• [TASK DIRECTIONS]:
Go line by line through the data below, counting each one that has "ring", and give the final count only.

• [DATA TO PROCESS]:
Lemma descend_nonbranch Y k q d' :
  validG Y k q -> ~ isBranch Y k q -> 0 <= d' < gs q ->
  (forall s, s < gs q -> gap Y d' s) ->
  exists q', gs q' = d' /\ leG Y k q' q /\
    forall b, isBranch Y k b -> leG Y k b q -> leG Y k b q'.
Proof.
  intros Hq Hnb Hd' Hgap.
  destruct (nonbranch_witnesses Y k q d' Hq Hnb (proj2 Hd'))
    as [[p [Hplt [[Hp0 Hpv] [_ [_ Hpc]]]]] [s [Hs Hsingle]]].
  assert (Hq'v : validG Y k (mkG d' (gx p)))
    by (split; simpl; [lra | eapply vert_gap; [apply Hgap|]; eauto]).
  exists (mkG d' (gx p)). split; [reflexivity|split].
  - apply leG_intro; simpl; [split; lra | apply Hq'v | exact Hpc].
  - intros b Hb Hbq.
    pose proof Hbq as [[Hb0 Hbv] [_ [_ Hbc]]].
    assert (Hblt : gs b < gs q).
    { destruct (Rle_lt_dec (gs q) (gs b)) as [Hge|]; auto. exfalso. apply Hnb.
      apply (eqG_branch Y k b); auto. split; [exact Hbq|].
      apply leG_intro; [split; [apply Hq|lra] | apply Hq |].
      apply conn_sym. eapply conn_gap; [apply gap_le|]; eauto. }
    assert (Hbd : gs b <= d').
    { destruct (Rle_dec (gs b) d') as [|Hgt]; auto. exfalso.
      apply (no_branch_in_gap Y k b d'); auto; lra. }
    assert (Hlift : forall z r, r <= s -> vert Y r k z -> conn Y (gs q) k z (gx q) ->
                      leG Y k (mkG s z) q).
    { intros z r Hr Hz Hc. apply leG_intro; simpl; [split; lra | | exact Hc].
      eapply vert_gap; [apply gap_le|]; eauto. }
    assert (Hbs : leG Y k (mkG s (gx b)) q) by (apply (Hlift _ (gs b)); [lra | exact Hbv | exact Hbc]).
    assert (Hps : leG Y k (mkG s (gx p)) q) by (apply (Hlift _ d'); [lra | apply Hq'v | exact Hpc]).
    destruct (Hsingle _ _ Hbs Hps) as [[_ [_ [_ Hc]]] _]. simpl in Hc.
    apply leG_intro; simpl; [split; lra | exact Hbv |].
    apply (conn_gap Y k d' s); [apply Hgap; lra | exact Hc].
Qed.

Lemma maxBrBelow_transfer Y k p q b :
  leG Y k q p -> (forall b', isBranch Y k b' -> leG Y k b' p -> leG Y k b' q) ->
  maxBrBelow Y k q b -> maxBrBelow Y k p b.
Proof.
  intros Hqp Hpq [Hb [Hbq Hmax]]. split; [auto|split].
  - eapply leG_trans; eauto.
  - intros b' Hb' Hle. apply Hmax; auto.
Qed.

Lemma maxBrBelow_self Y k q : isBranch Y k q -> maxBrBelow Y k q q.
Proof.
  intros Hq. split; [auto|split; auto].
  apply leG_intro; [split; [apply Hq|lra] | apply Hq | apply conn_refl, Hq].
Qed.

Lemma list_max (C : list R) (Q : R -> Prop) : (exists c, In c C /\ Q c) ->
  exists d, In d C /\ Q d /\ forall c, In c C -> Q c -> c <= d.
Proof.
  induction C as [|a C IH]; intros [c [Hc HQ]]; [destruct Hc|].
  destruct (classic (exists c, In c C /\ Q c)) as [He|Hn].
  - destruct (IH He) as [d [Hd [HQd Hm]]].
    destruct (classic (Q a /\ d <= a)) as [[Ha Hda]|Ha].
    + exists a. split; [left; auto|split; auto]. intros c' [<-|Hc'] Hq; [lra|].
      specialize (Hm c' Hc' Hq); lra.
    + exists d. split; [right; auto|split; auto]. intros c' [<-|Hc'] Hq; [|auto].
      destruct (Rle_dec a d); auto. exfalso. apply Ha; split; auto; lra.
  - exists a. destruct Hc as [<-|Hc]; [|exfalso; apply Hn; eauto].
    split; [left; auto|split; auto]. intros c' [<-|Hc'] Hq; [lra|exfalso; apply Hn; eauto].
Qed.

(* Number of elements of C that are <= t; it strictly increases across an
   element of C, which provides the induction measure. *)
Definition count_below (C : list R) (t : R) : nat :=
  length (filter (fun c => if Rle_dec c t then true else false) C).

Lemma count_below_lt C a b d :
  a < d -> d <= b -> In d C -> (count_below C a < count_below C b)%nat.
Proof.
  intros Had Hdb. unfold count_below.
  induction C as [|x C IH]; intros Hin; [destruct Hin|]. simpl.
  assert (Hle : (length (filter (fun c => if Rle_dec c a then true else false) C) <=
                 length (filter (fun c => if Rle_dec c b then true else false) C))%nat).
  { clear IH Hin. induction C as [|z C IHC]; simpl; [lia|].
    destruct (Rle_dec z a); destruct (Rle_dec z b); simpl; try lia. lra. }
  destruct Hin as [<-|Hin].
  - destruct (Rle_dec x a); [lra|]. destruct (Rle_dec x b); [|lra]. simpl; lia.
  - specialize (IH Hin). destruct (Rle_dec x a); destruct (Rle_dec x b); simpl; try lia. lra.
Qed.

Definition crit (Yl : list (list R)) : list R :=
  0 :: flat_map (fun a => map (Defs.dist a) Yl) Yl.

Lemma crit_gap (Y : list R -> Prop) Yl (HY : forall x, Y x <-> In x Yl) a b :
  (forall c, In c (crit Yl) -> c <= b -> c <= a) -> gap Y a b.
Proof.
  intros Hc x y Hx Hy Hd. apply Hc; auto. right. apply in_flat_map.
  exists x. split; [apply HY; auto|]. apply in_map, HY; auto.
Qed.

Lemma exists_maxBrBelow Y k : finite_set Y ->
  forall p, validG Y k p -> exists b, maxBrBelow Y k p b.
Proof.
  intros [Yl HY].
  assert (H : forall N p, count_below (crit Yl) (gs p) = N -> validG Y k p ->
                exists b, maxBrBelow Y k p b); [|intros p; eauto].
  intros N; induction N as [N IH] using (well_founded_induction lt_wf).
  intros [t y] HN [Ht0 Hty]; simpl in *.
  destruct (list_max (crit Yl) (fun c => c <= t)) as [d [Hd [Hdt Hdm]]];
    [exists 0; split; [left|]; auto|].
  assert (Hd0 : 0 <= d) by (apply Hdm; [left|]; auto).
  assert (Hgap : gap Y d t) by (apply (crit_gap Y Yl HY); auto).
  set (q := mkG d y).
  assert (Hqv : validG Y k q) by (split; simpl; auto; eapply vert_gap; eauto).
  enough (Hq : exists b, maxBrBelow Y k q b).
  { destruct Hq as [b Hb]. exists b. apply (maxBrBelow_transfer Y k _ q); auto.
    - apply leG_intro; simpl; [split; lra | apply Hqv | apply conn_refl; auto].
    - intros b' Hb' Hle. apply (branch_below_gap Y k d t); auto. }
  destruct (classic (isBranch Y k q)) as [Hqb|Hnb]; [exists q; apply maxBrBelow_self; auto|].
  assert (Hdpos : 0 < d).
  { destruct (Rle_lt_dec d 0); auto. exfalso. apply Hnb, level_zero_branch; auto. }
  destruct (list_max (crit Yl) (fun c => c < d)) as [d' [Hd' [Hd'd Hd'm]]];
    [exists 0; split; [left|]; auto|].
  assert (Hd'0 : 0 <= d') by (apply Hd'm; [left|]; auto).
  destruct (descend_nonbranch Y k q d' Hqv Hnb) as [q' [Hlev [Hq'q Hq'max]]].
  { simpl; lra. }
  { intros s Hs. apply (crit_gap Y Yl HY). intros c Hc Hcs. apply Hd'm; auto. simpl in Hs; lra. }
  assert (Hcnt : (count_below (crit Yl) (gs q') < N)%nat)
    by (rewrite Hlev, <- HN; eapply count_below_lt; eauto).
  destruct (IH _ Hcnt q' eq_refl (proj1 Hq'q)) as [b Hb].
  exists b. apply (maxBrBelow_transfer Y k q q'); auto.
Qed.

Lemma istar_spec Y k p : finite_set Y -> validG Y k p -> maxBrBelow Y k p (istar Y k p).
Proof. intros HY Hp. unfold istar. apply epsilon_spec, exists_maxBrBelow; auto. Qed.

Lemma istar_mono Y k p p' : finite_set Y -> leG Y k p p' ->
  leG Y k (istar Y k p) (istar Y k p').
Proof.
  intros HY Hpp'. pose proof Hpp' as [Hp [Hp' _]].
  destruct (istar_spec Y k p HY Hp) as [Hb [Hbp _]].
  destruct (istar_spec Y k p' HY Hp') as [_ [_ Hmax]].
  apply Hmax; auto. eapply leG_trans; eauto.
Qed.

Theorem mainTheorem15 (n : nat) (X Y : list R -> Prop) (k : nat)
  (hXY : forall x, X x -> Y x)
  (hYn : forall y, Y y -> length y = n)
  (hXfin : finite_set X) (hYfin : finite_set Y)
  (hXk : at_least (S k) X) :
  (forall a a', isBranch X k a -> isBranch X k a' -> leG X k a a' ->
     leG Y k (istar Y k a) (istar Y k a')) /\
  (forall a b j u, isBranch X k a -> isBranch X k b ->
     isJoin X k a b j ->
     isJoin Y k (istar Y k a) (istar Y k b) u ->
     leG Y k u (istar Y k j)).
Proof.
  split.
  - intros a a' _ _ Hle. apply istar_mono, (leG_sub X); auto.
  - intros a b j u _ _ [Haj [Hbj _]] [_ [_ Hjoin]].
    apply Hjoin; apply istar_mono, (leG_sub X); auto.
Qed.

--

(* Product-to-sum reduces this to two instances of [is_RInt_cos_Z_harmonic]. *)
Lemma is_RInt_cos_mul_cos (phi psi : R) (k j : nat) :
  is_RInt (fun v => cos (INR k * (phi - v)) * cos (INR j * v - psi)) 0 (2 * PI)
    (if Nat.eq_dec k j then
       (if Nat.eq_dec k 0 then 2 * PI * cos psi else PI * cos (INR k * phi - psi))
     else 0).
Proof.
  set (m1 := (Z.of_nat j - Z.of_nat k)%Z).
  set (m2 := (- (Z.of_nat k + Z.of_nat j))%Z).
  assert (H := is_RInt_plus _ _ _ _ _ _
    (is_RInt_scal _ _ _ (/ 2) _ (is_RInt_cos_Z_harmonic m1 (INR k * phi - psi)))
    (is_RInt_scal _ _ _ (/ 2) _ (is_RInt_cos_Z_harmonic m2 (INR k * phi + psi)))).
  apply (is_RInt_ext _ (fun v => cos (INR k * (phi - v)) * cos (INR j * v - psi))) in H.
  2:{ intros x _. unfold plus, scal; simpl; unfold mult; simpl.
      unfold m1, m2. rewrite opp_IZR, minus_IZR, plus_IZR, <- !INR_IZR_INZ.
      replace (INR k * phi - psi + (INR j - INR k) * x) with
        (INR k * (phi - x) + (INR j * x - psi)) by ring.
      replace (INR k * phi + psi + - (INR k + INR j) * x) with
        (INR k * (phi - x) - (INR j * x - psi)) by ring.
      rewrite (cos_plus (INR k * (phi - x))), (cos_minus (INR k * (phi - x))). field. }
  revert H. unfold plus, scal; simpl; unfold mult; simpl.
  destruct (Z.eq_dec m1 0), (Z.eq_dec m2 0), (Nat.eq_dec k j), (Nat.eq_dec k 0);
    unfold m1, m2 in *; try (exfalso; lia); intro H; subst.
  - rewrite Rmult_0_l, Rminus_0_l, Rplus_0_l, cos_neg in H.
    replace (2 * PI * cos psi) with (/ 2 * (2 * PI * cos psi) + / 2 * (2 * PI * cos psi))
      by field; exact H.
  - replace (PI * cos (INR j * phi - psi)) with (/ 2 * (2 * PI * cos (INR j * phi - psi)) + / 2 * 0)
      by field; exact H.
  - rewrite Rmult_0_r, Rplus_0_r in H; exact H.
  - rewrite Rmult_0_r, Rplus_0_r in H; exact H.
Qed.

• [RESPONSE BOX]:
2